Do you have an LLC or company registration created for your rental property activity? If the answer is Yes, then you need to use IRS form Schedule C – Profit or Loss From Business instead of Schedule E.

It very well could also be that the rental activity is part of a larger business providing other services/products. We will not cover any other activity but the rental activity in this introductory walk through.

If you prefer a video walk through, check it out below.

In preparing this article, there are few assumptions made to simplify the walk through. It could be the case that your situation has different circumstances. If you need help, please ask in the comments below or contact us directly in the About Us Page.

Assumptions Made For This Vacation Property
*
Property is owned/rented 100% throughout the filing year.
* You have a company/LLC formed for your activity.
* You materially participate in your rental activity.
* The owner doesn’t employ any help.

The following table of contents is a quick guide to the topics discussed in this walk through.

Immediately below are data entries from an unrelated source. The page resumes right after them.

(* Let $T:\mathcal{S}_n\to\mathcal{S}_n$ be a bijective isometry with respect to the Hausdorff distance, and let $(K_0,K_1)$ be an $\mathcal{S}_n$-cute pair. Then $(TK_0,TK_1)$ is an $\mathcal{S}_n$-cute pair, and moreover $T\left(\tfrac12 K_0+\tfrac12 K_1\right)=\tfrac12\left(T(K_0)+T(K_1)\right)$.
   Context: Convex bodies are compact convex non-empty subsets of $\mathbb{R}^n$; $B_2^n$ is the closed Euclidean unit ball; $\delta$ is the Hausdorff distance $\delta(K_0,K_1)=\inf\{\lambda>0: K_0\subseteq K_1+\lambda B_2^n,\ K_1\subseteq K_0+\lambda B_2^n\}$. $\mathcal{S}_n$ is the set of convex bodies in $\mathbb{R}^n$ which are intersections of Euclidean unit balls. A pair $(K_0,K_1)\in\mathcal{S}_n\times\mathcal{S}_n$ is called $\mathcal{S}_n$-cute if $M=\frac{K_0+K_1}{2}$ (Minkowski average, which lies in $\mathcal{S}_n$) is the unique body in $\mathcal{S}_n$ satisfying $\delta(K_0,M)=\frac12\delta(K_0,K_1)$ and $\delta(K_1,M)=\frac12\delta(K_0,K_1)$. *)

From HB Require Import structures.
From mathcomp Require Import all_boot all_order all_algebra.
From mathcomp Require Import all_classical all_reals all_analysis.
Set Implicit Arguments. Unset Strict Implicit. Unset Printing Implicit Defensive.
Import Order.TTheory GRing.Theory Num.Theory.
Import numFieldTopology.Exports numFieldNormedType.Exports.
Local Open Scope classical_set_scope.
Local Open Scope ring_scope.

Section Defs.
Variables (R : realType) (n : nat).
Notation V := 'rV[R]_n.

Definition enorm (x : V) : R := Num.sqrt (\sum_(i < n) (x ord0 i) ^+ 2).

Definition eball (c : V) (r : R) : set V := [set x | enorm (x - c) <= r].

Definition is_convex (K : set V) : Prop :=
  forall x y t, K x -> K y -> 0 <= t <= 1 -> K ((1 - t) *: x + t *: y).

Definition convex_body (K : set V) : Prop :=
  compact K /\ is_convex K /\ K !=set0.

Definition msum (A B : set V) : set V := [set a + b | a in A & b in B].
Definition mscale (t : R) (A : set V) : set V := [set t *: a | a in A].

Definition hdist (K0 K1 : set V) : R :=
  inf [set l : R | 0 < l /\ K0 `<=` msum K1 (eball 0 l) /\ K1 `<=` msum K0 (eball 0 l)].

Definition Sn (K : set V) : Prop :=
  convex_body K /\ exists C : set V, K = [set x | forall c, C c -> eball c 1 x].

Definition mavg (K0 K1 : set V) : set V := mscale (2^-1) (msum K0 K1).

Definition Sn_cute (K0 K1 : set V) : Prop :=
  Sn K0 /\ Sn K1 /\
  let M := mavg K0 K1 in
  let d := hdist K0 K1 in
  Sn M /\ hdist K0 M = d / 2 /\ hdist K1 M = d / 2 /\
  (forall M', Sn M' -> hdist K0 M' = d / 2 -> hdist K1 M' = d / 2 -> M' = M).

Definition Sn_bij_isometry (T : set V -> set V) : Prop :=
  (forall K, Sn K -> Sn (T K)) /\
  (forall K L, Sn K -> Sn L -> T K = T L -> K = L) /\
  (forall L, Sn L -> exists K, Sn K /\ T K = L) /\
  (forall K L, Sn K -> Sn L -> hdist (T K) (T L) = hdist K L).
End Defs.

From HB Require Import structures.
From mathcomp Require Import all_boot all_order all_algebra.
From mathcomp Require Import all_classical all_reals all_analysis.
From mathcomp Require Import ring lra.
Set Implicit Arguments. Unset Strict Implicit. Unset Printing Implicit Defensive.
Import Order.TTheory GRing.Theory Num.Theory.
Import numFieldTopology.Exports numFieldNormedType.Exports.
Local Open Scope classical_set_scope.
Local Open Scope ring_scope.
Lemma sqz_similar p (X Y : 'M[F]_p) : X *m X = 0 -> Y *m Y = 0 ->
  \rank X = \rank Y -> exists2 P, P \in unitmx & P *m X *m invmx P = Y.
Proof.
move=> XX YY rkXY.
have le_rk : ((\rank X).*2 <= p)%N.
  have /mxrankS : (X <= kermx X)%MS by apply/sub_kermxP.
  by rewrite mxrank_ker; have := rank_leq_row X; lia.
have [k [l [def_p rkX]]] : exists k l, p = (k + (k + l))%N /\ \rank X = k.
  by exists (\rank X), (p - (\rank X).*2)%N; split => //; lia.
subst p; have rkY : \rank Y = k by rewrite -rkXY.
have [QX QX_unit defX] := sqz_normal_form XX rkX.
have [QY QY_unit defY] := sqz_normal_form YY rkY.
have YQ : Y *m invmx QY = invmx QY *m sqz_normal k l.
  rewrite -[RHS]mulmx1 -(mulmxV QY_unit) !mulmxA -[_ *m _ *m QY]mulmxA -defY.
  by rewrite mulmxA mulVmx // mul1mx.
pose P := invmx QY *m QX.
have P_unit : P \in unitmx by rewrite unitmx_mul unitmx_inv QY_unit.
have PX : P *m X = Y *m P by rewrite -mulmxA defX mulmxA -YQ mulmxA.
by exists P; rewrite // PX -mulmxA mulmxV ?mulmx1.
Qed.

End SquareZeroSimilarity.

Unset Implicit Arguments.

Theorem corollary2p5 (F : closedFieldType) (hchar : [pchar F] =i pred0) (n : nat) :
  (forall (A : 'M[F]_n), nilpotent_mx A ->
     forall k : nat, (k.*2 <= n)%N ->
     exists B : 'M[F]_n,
       [/\ A *m B = B *m A, B *m B = 0 & \rank B = k])
  /\
  (forall (A B : 'M[F]_n), nilpotent_mx A -> nilpotent_mx B ->
     forall k : nat, (k.*2 <= n)%N ->
     exists (C P : 'M[F]_n),
       [/\ C *m C = 0, \rank C = k, P \in unitmx,
           A *m C = C *m A &
           B *m (P *m C *m invmx P) = (P *m C *m invmx P) *m B]).
Proof.
split; first exact: nilpotent_sqz_commutant.
move=> A B nilA nilB k le_kn.
have [C [cAC CC rkC]] := nilpotent_sqz_commutant nilA le_kn.
have [D [cBD DD rkD]] := nilpotent_sqz_commutant nilB le_kn.
have [P P_unit PCP] := sqz_similar CC DD (etrans rkC (esym rkD)).
by exists C, P; rewrite PCP.
Qed.
(* Let $r\in(0,1)$, $\kappa>0$, $\alpha,\beta\ge0$, and $V_r=[r,1-]\cup\{1+\}$. Let $A^I$ be the operator in $C(V_r)$ whose domain consists of those $f\in C(V_r)$ which, restricted to $[r,1-]$, are twice continuously differentiable and satisfy \[f'(r)=0,\qquad f'(1-)=\beta\,(f(1+)-f(1-)),\] given by $A^If(1+)=-\alpha f(1+)+\alpha f(1-)$ and $A^If(\rho)=\kappa\rho^2f''(\rho)+\kappa\rho f'(\rho)$ for $\rho\in[r,1-]$. Then $A^I$ is a conservative Feller generator in $C(V_r)$.
   Context: $V_r$ is the disjoint union of the interval $[r,1-]$ and an isolated point $1+$ ($1-$, $1+$ are distinct copies of $1$); $C(V_r)$ is the space of continuous functions on $V_r$ with the supremum norm. A conservative Feller generator is the generator of a strongly continuous semigroup of positive operators on $C(V_r)$ fixing the constant function $1$. *)

From Stdlib Require Import Reals.
From Coquelicot Require Import Coquelicot.
Open Scope R_scope.

(* Points of V_r = [r,1-] (disjoint union) {1+}.
   VL x represents x in [r,1-] (VL 1 is the point 1-), VPlus is 1+.
   Functions on V_r are represented as functions Vpt -> R; only their
   values at points of V_r (see inV) matter. *)
Inductive Vpt : Type := VL (x : R) | VPlus.

Definition Iv (r x : R) : Prop := r <= x <= 1.

Definition inV (r : R) (p : Vpt) : Prop :=
  match p with VL x => Iv r x | VPlus => True end.

Definition cont_on_I (r : R) (g : R -> R) : Prop :=
  forall x, Iv r x -> filterlim g (within (Iv r) (locally x)) (locally (g x)).

(* f belongs to C(V_r): continuous on [r,1-]; 1+ is isolated, so no condition there *)
Definition inC (r : R) (f : Vpt -> R) : Prop := cont_on_I r (fun x => f (VL x)).

Definition deriv_on_I (r : R) (g dg : R -> R) : Prop :=
  forall x, Iv r x ->
    filterlim (fun y => (g y - g x) / (y - x))
      (within (fun y => Iv r y /\ y <> x) (locally x)) (locally (dg x)).

Definition C2_on_I (r : R) (g g1 g2 : R -> R) : Prop :=
  deriv_on_I r g g1 /\ deriv_on_I r g1 g2 /\ cont_on_I r g1 /\ cont_on_I r g2.

Definition conservative_Feller_semigroup (r : R)
    (T : R -> (Vpt -> R) -> (Vpt -> R)) : Prop :=
  (forall t f, 0 <= t -> inC r f -> inC r (T t f)) /\
  (forall t f g a b, 0 <= t -> inC r f -> inC r g -> forall p, inV r p ->
      T t (fun q => a * f q + b * g q) p = a * T t f p + b * T t g p) /\
  (forall t f, 0 <= t -> inC r f -> (forall p, inV r p -> 0 <= f p) ->
      forall p, inV r p -> 0 <= T t f p) /\
  (forall t, 0 <= t -> forall p, inV r p -> T t (fun _ => 1) p = 1) /\
  (forall f, inC r f -> forall p, inV r p -> T 0 f p = f p) /\
  (forall s t f, 0 <= s -> 0 <= t -> inC r f -> forall p, inV r p ->
      T (s + t) f p = T s (T t f) p) /\
  (forall f, inC r f -> forall eps, 0 < eps -> exists delta, 0 < delta /\
      forall t, 0 <= t < delta -> forall p, inV r p -> Rabs (T t f p - f p) < eps).

Definition generator_graph (r : R) (T : R -> (Vpt -> R) -> (Vpt -> R))
    (f h : Vpt -> R) : Prop :=
  forall eps, 0 < eps -> exists delta, 0 < delta /\
    forall t, 0 < t < delta -> forall p, inV r p ->
      Rabs ((T t f p - f p) / t - h p) < eps.

(* An operator given by its graph A (A f h means f in D(A), A f = h) is a
   conservative Feller generator in C(V_r): it is the generator of a
   conservative Feller semigroup (graph equality on C(V_r)). *)
Definition conservative_Feller_generator (r : R)
    (A : (Vpt -> R) -> (Vpt -> R) -> Prop) : Prop :=
  exists T, conservative_Feller_semigroup r T /\
    forall f h, inC r f -> inC r h -> (generator_graph r T f h <-> A f h).
(* Let $x>0$, $y\ge 0$, $z>0$ (the approximation is intended for the regime $y,z\ll x$). Let $a=(y+z)/2$ and $g=\sqrt{yz}$. Then $$R_D(x,y,z)=\frac{3}{\sqrt x}\left(\frac{1}{g+z}-\frac{r}{4x}\right),$$ where $$\frac{1}{1-g/x}\ln\frac{2x}{a+g}-\frac{2z}{g+z}<r<\frac{1}{1-a/2x}\ln\frac{8x}{a+g}.$$
   Context: For $x,y\ge0$ not both zero and $z>0$: $R_D(x,y,z)=\frac32\int_0^\infty[(t+x)(t+y)]^{-1/2}(t+z)^{-3/2}\,dt$.
   Formalization: The regime $y,z\ll x$ is taken as the hypotheses g < x and a < 2x, both assumed in addition to x > 0, y ≥ 0, z > 0. The paper assumes this as well. *)

From Stdlib Require Import Reals.
From Coquelicot Require Import Coquelicot.
Open Scope R_scope.

Definition RD_integrand (x y z t : R) : R :=
  3 / 2 * / sqrt ((t + x) * (t + y)) * / ((t + z) * sqrt (t + z)).

Definition is_RD (x y z v : R) : Prop :=
  is_RInt_gen (RD_integrand x y z) (at_right 0) (Rbar_locally p_infty) v.

From Stdlib Require Import Reals Lra.
From Coquelicot Require Import Coquelicot.
Open Scope R_scope.

(* Write the integrand as (3 / (2 sqrt x)) * sqrt (x / (t + x)) * w t, where
   w t = 1 / (S t * (t + z)) and S t = sqrt ((t + y) * (t + z)) satisfies t + g <= S t <= t + a.
   Three kernels have elementary primitives on (0, +oo):
     w t                          with primitive  -2 / (S t + t + z),
     1 / (S t * (S t + t + A))    with primitive  (ln (S t + t + a) - ln (S t + t + A)) / (A - a),
     t^2 / (t + N)^4              with primitive  t^3 / (3 N (t + N)^3).
   Since sqrt (x / (t + x)) <= 1, the integrand is dominated by a multiple of w, so the improper
   integral converges.  With m = t / (t + x), the bounds
   2x / (t + 2x) <= sqrt (1 - m) <= 1 - m/2 - m^2/8 squeeze the integrand between combinations
   of the kernels (A = 4x - a from below, A = 2x - g from above), and integrating them gives the
   two bounds on r; the last kernel is what makes the lower bound strict. *)

Notation is_RInt_0_oo f l := (is_RInt_gen f (at_right 0) (Rbar_locally p_infty) l).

First Question…Check Your Filing Status

Before you get started, please first check your filing status. Attached below is a document that summarizes the tests for Material Participation. In this walk through we assume that you are filing under Material Participation status.

Here is a quick version to use:

  • You managed all the rental activity and did not pay anyone else management fees.
  • The activity required 10 hours/week of your time.
  • You made all the decisions in the maintenance/upkeep of the properties.

Tabulate Your Income/Expenses First

There is a companion article Financial Information Needed to File A Tax Return For Your Vacation Property – Schedule C . In that article, instructions as well as a pre-formatted spreadsheet are provided to assist in the tabulation of expenses and income.

This article is a good start to prepare your tax return for your vacation rental property.

Starting the Software

H&R Block has both PC/Mac software installations as well as cloud versions of the same software. Any of these versions will do. In this demo, we are using the Deluxe version. The Deluxe version, while not specifically targeted to real estate investors, is perfectly adequate for the job.

Deluxe Version Download

Where to Start…

You will want to navigate to the ‘Your Own Business’ section of the software. At the top, click on ‘Take Me To’ and select ‘Your Own Business – Schedule C’, hit the ‘Go To’ Button.

Once on the ‘Your Own Business’ page, click ‘Add Business’. You will get a description page for the business.

Enter the following information:

  • Enter the business name, address and description.
  • Select ‘Real Estate’ for category and 531310 as the business code.
  • The EIN would be needed if your business has registered with a government, e.g., to pay employees. We assume not here, so leave it blank.

Business Details…

Next, you need to specify some business details.

In the screen ‘Tell us if these applied to your business in 2019’, you may need to click ‘I started it or acquired it’. Leave all the other unchecked. The next screen asks about ‘Cash Accounting Method’, select ‘Yes’.

After that selection, select ‘Yes’ in the screen that asks about ‘Material Participation’.

Entering Your Rental Income

Income is entered in two distinct places. First case, a third party such as a Rental Marketplace sent you a 1099-MISC. In the second case, you earn income from everywhere else that wasn’t reported using a 1099-MISC.

For each 1099-MISC, create an entry in the ‘Miscellaneous Income’ page.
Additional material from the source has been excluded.